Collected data
Lemma card_meet_le_men_join Ws1 Ws2 Ws A B M : is_matching Ws1 A ->
  is_matching Ws2 B -> is_matching Ws M -> men_dominates pm A M ->
  #|M :&: B| <= #|A :&: men_join A B|.
Proof.
move=> mA mB mM dom; have [_ Bfun _] := mB.
have subM : {subset M :&: B <= M} by move=> p /setIP[].
have subA : {subset A :&: men_join A B <= A} by move=> p /setIP[].
rewrite -(card_in_imset (sub_in2 subM (matching_fst_inj mM))).
rewrite -(card_in_imset (sub_in2 subA (matching_fst_inj mA))).
apply/subset_leq_card/subsetP => _ /imsetP[[u w] /setIP[Muw Buw] ->] /=.
have [w' [Auw' w'w]] := dom _ _ Muw.
apply/imsetP; exists (u, w') => //; rewrite in_setI mem_men_join Auw' /=.
apply/orP; left; apply/weakly_prefersP => x Bux; rewrite (Bfun _ _ _ Bux Buw).
by case: w'w => [->|w'w]; rewrite ?sto_irr ?(sto_asym (pm_sto u) w'w).
Qed.

End MenJoin.

Theorem mainTheorem1 (U W : finType) (pm : U -> rel W) (pw : W -> rel U)
  (W1 W2 : {set W}) (M1 M2 M1' : {set U * W}) :
  (forall u, strict_total_order (pm u)) ->
  (forall w, strict_total_order (pw w)) ->
  W1 \subset W2 ->
  stable pm pw W1 M1 -> stable pm pw W2 M2 -> stable pm pw W1 M1' ->
  men_dominates pm M1' M1 ->
  exists M2' : {set U * W},
    stable pm pw W2 M2' /\ #|M1' :\: M2'| <= #|M1 :\: M2|.
Proof.
move=> pm_sto pw_sto sub s1 s2 s1' dom.
exists (men_join pm M1' M2); split.
  exact: (men_join_stable pm_sto pw_sto sub s1' s2).
rewrite !cardsD leq_sub //.
  exact: (men_dominates_card_le pm_sto s1 s1'.1 dom).
exact: (card_meet_le_men_join pm_sto s1'.1 s2.1 s1.1 dom).
Qed.
(* Let $K$ be a finite simplicial complex, $|\cdot|$ a norm on $\mathbb{R}^n$, $f\colon|K|\to\mathbb{R}^n$ a piecewise linear function such that on every simplex of $K$ the function $x\mapsto|f(x)|$ attains both its minimum and its maximum at a vertex, and let $\alpha>0$. Let $\chi\colon|K|\to\mathbb{R}$ be the piecewise linear function with vertex values $\chi(v)=0$ if $|f(v)|<\alpha$, $\chi(v)=1/2$ if $|f(v)|=\alpha$, and $\chi(v)=1$ if $|f(v)|>\alpha$, and put $X:=\chi^{-1}([0,1/2])$ and $A:=\chi^{-1}(\{1/2\})$. Then there exists a continuous extension $F\colon|f|^{-1}([0,\alpha])\to\mathbb{R}^n\setminus\{0\}$ of $f|_{|f|^{-1}(\{\alpha\})}$ if and only if there exists a continuous extension $G\colon X\to\mathbb{R}^n\setminus\{0\}$ of $f|_A$.
   Context: A function is piecewise linear on $|K|$ if it is affine on each simplex of $K$; $|f|$ denotes $x\mapsto|f(x)|$. *)

From HB Require Import structures.
From mathcomp Require Import all_boot all_order all_algebra.
From mathcomp Require Import all_classical all_reals all_analysis.
Set Implicit Arguments. Unset Strict Implicit. Unset Printing Implicit Defensive.
Import Order.TTheory GRing.Theory Num.Theory.
Import numFieldNormedType.Exports.
Local Open Scope classical_set_scope.
Local Open Scope ring_scope.

(* Its geometric realization
   lives in R^m = 'rV[R]_m, vertex i being the standard basis vector e_i. *)
Definition is_simplicial_complex (m : nat) (K : {set {set 'I_m}}) : Prop :=
  (forall s, s \in K -> s != finset.set0) /\
  (forall s t : {set 'I_m}, s \in K -> t \subset s -> t != finset.set0 -> t \in K).

Definition vtx (R : realType) (m : nat) (i : 'I_m) : 'rV[R]_m :=
  \row_j (if j == i then 1 else 0).

Arguments vtx R {m} i.

Definition geom_simplex (R : realType) (m : nat) (s : {set 'I_m}) : set 'rV[R]_m :=
  [set x | (forall j, 0 <= x ord0 j) /\ \sum_j x ord0 j = 1 /\
           (forall j, j \notin s -> x ord0 j = 0)].

Arguments geom_simplex R {m} s.

Definition polyhedron (R : realType) (m : nat) (K : {set {set 'I_m}}) : set 'rV[R]_m :=
  [set x | exists2 s, s \in K & geom_simplex R s x].

Arguments polyhedron R {m} K.

Definition affine_on (R : realType) (m n : nat) (S : set 'rV[R]_m)
  (f : 'rV[R]_m -> 'rV[R]_n) : Prop :=
  forall x y t, S x -> S y -> 0 <= t <= 1 ->
    f (t *: x + (1 - t) *: y) = t *: f x + (1 - t) *: f y.

Definition piecewise_linear (R : realType) (m n : nat) (K : {set {set 'I_m}})
  (f : 'rV[R]_m -> 'rV[R]_n) : Prop :=
  forall s, s \in K -> affine_on (geom_simplex R s) f.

TASK DESCRIPTION
Every line in the data above that contains the word "finset" should be copied.

ANSWER TO THIS TASK
  (forall s, s \in K -> s != finset.set0) /\
  (forall s t : {set 'I_m}, s \in K -> t \subset s -> t != finset.set0 -> t \in K).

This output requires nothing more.